### Problem to work on
Your output should be the line with "by rewrite (le_trans" followed by every remaining line of the entries, reproduced exactly.

(Stored data)
※

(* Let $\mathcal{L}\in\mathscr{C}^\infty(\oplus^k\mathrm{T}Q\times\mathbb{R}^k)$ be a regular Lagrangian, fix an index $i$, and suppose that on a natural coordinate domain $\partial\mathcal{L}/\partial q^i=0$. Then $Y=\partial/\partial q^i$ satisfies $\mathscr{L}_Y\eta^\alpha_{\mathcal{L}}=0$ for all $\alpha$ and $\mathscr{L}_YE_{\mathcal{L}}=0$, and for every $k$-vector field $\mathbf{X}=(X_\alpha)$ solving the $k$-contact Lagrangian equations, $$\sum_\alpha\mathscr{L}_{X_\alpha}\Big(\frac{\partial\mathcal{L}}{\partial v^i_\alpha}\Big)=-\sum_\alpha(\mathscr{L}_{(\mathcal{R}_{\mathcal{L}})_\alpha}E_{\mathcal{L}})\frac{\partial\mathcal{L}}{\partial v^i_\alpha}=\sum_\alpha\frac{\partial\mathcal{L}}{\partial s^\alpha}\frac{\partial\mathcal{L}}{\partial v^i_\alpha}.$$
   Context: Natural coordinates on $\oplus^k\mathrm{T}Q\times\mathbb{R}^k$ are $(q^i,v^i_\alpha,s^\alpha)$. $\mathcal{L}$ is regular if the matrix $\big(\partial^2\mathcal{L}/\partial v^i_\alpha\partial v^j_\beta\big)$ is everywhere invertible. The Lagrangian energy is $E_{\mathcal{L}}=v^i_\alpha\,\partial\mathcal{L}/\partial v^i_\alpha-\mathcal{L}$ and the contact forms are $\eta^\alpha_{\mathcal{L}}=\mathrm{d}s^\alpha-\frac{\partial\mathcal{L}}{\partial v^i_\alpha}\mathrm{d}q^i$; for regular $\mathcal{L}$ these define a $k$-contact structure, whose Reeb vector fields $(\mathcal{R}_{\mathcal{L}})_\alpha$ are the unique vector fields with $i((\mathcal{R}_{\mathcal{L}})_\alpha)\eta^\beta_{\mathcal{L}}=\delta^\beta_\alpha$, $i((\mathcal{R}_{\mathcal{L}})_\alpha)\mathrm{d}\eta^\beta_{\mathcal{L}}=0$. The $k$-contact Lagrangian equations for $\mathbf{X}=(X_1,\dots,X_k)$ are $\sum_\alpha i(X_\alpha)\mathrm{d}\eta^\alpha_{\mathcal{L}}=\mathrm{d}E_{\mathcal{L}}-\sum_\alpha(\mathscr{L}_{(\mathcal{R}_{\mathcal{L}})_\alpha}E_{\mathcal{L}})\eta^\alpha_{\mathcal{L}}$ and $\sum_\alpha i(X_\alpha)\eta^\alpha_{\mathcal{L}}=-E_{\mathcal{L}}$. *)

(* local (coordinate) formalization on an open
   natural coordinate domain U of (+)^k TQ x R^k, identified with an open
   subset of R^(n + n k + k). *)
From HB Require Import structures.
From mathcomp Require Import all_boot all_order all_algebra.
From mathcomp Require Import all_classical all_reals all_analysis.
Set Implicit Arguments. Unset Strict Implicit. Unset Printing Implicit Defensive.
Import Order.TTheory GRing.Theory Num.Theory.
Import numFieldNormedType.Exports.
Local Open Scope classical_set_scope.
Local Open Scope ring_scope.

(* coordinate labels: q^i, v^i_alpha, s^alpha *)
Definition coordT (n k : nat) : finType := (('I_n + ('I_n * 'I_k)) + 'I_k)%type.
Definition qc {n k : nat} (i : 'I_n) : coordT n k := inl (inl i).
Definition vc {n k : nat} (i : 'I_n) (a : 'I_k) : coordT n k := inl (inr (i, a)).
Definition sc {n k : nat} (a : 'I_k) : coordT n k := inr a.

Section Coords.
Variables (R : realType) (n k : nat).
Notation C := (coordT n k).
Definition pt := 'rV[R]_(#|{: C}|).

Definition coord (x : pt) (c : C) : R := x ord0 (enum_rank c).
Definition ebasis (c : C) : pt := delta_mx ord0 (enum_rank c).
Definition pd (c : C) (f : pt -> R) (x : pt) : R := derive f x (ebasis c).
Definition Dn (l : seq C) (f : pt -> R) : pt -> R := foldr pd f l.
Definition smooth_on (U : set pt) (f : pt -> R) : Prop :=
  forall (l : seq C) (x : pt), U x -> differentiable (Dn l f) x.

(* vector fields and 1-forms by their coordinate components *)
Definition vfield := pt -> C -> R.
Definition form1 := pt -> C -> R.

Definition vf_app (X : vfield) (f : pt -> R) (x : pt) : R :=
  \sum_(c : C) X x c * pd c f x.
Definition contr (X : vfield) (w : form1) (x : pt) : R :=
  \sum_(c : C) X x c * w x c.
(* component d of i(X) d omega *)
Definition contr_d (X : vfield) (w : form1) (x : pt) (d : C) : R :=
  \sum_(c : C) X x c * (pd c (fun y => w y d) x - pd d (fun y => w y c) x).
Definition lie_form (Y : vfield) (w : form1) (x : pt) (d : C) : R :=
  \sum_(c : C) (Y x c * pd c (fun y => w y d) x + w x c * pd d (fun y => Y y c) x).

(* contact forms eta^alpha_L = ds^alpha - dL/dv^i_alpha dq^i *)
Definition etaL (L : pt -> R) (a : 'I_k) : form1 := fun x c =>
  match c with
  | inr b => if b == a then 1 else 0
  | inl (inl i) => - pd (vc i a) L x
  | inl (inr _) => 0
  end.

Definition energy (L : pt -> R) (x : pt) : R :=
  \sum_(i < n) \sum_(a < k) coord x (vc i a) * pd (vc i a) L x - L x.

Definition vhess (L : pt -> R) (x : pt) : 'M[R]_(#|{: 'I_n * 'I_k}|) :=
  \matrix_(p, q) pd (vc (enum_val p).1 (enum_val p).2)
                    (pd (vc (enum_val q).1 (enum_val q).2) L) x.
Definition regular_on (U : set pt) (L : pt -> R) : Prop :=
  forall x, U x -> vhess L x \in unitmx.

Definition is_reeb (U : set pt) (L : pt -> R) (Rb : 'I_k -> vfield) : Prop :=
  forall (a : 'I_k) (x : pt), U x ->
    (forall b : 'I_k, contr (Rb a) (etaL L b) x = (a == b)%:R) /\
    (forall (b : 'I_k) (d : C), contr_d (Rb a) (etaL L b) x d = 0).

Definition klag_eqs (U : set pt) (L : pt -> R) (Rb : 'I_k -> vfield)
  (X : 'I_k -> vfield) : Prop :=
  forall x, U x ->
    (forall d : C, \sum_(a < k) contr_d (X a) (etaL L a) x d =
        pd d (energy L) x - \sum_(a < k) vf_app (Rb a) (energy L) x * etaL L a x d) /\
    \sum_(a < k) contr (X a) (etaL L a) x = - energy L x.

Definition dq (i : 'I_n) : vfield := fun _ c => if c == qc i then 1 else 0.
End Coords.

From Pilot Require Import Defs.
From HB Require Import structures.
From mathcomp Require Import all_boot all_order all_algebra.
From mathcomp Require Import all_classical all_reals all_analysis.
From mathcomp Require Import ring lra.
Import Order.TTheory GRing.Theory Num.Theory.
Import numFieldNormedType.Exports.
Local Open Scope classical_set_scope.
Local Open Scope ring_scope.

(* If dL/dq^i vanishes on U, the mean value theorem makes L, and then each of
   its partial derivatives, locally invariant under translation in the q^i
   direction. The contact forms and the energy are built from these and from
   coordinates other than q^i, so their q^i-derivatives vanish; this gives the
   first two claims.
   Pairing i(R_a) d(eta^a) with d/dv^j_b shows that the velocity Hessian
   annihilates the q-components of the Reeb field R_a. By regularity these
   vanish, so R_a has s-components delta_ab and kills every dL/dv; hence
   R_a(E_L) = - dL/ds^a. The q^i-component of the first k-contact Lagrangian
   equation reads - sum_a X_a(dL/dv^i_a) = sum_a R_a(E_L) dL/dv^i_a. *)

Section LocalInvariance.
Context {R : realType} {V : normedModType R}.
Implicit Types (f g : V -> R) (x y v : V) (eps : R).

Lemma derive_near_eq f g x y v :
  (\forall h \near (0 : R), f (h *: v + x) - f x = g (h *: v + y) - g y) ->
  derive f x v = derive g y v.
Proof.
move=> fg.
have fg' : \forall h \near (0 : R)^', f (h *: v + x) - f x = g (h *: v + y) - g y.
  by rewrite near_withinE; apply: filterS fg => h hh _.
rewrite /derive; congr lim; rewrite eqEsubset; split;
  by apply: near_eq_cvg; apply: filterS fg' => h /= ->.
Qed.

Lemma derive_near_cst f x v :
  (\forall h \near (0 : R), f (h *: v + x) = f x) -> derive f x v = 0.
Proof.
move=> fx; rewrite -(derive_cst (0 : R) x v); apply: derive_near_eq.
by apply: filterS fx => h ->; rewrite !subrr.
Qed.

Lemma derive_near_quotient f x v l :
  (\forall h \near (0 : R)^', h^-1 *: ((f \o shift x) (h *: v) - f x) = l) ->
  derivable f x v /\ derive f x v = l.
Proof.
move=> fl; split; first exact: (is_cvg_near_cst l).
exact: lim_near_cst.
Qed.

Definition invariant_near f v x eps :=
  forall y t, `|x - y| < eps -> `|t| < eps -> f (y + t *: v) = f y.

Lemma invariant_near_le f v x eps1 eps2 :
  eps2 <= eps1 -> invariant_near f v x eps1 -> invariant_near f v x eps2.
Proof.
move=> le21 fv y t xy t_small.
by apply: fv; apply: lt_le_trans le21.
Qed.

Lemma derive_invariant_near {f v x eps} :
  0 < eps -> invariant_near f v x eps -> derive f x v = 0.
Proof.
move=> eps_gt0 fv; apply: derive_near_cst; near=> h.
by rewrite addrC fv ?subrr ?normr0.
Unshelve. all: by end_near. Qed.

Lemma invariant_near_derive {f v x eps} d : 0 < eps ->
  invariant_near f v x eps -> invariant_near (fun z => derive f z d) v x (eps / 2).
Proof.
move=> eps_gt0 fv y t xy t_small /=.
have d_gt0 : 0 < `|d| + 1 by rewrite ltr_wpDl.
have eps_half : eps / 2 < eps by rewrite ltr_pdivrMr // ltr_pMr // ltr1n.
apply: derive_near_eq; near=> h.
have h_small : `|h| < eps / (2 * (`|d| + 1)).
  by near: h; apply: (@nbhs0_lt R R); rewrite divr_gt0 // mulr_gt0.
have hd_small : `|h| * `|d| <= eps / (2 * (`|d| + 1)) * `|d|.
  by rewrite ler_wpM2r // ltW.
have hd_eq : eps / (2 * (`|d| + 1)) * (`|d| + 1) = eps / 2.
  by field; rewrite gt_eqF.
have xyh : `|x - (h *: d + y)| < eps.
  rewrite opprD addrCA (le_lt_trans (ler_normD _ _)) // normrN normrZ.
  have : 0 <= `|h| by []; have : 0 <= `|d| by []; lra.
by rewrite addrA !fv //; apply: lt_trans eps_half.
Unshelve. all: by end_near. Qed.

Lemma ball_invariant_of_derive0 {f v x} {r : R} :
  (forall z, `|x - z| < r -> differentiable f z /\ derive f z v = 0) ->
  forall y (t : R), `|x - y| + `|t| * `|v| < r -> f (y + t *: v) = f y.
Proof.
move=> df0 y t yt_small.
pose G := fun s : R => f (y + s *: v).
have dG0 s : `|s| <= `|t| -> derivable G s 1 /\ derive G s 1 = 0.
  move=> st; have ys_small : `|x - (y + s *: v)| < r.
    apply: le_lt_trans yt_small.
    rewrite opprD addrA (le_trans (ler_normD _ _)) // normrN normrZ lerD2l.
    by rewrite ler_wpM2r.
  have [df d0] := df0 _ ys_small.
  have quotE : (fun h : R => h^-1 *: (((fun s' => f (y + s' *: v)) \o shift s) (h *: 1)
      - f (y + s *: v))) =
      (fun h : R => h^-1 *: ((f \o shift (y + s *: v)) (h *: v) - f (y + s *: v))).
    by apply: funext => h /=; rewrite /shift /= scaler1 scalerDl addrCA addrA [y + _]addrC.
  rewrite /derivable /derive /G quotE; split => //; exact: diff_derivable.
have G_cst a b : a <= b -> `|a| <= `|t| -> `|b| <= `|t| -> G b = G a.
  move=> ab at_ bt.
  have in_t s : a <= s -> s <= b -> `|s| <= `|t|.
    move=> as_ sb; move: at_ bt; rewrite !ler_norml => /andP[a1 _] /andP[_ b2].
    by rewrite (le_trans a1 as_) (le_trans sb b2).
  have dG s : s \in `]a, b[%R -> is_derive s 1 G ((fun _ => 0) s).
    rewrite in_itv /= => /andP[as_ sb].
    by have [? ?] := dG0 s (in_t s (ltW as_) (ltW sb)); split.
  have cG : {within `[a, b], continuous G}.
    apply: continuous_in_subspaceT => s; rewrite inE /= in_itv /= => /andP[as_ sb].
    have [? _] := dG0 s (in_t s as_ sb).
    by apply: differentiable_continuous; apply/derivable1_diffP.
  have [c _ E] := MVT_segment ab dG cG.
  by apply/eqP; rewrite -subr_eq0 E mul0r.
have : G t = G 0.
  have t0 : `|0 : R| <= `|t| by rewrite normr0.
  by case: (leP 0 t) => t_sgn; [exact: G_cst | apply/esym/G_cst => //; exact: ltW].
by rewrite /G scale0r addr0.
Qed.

※

### Solved exercise
    by rewrite (le_trans a1 as_) (le_trans sb b2).
  have dG s : s \in `]a, b[%R -> is_derive s 1 G ((fun _ => 0) s).
    rewrite in_itv /= => /andP[as_ sb].
    by have [? ?] := dG0 s (in_t s (ltW as_) (ltW sb)); split.
  have cG : {within `[a, b], continuous G}.
    apply: continuous_in_subspaceT => s; rewrite inE /= in_itv /= => /andP[as_ sb].
    have [? _] := dG0 s (in_t s as_ sb).
    by apply: differentiable_continuous; apply/derivable1_diffP.
  have [c _ E] := MVT_segment ab dG cG.
  by apply/eqP; rewrite -subr_eq0 E mul0r.
have : G t = G 0.
  have t0 : `|0 : R| <= `|t| by rewrite normr0.
  by case: (leP 0 t) => t_sgn; [exact: G_cst | apply/esym/G_cst => //; exact: ltW].
by rewrite /G scale0r addr0.
Qed.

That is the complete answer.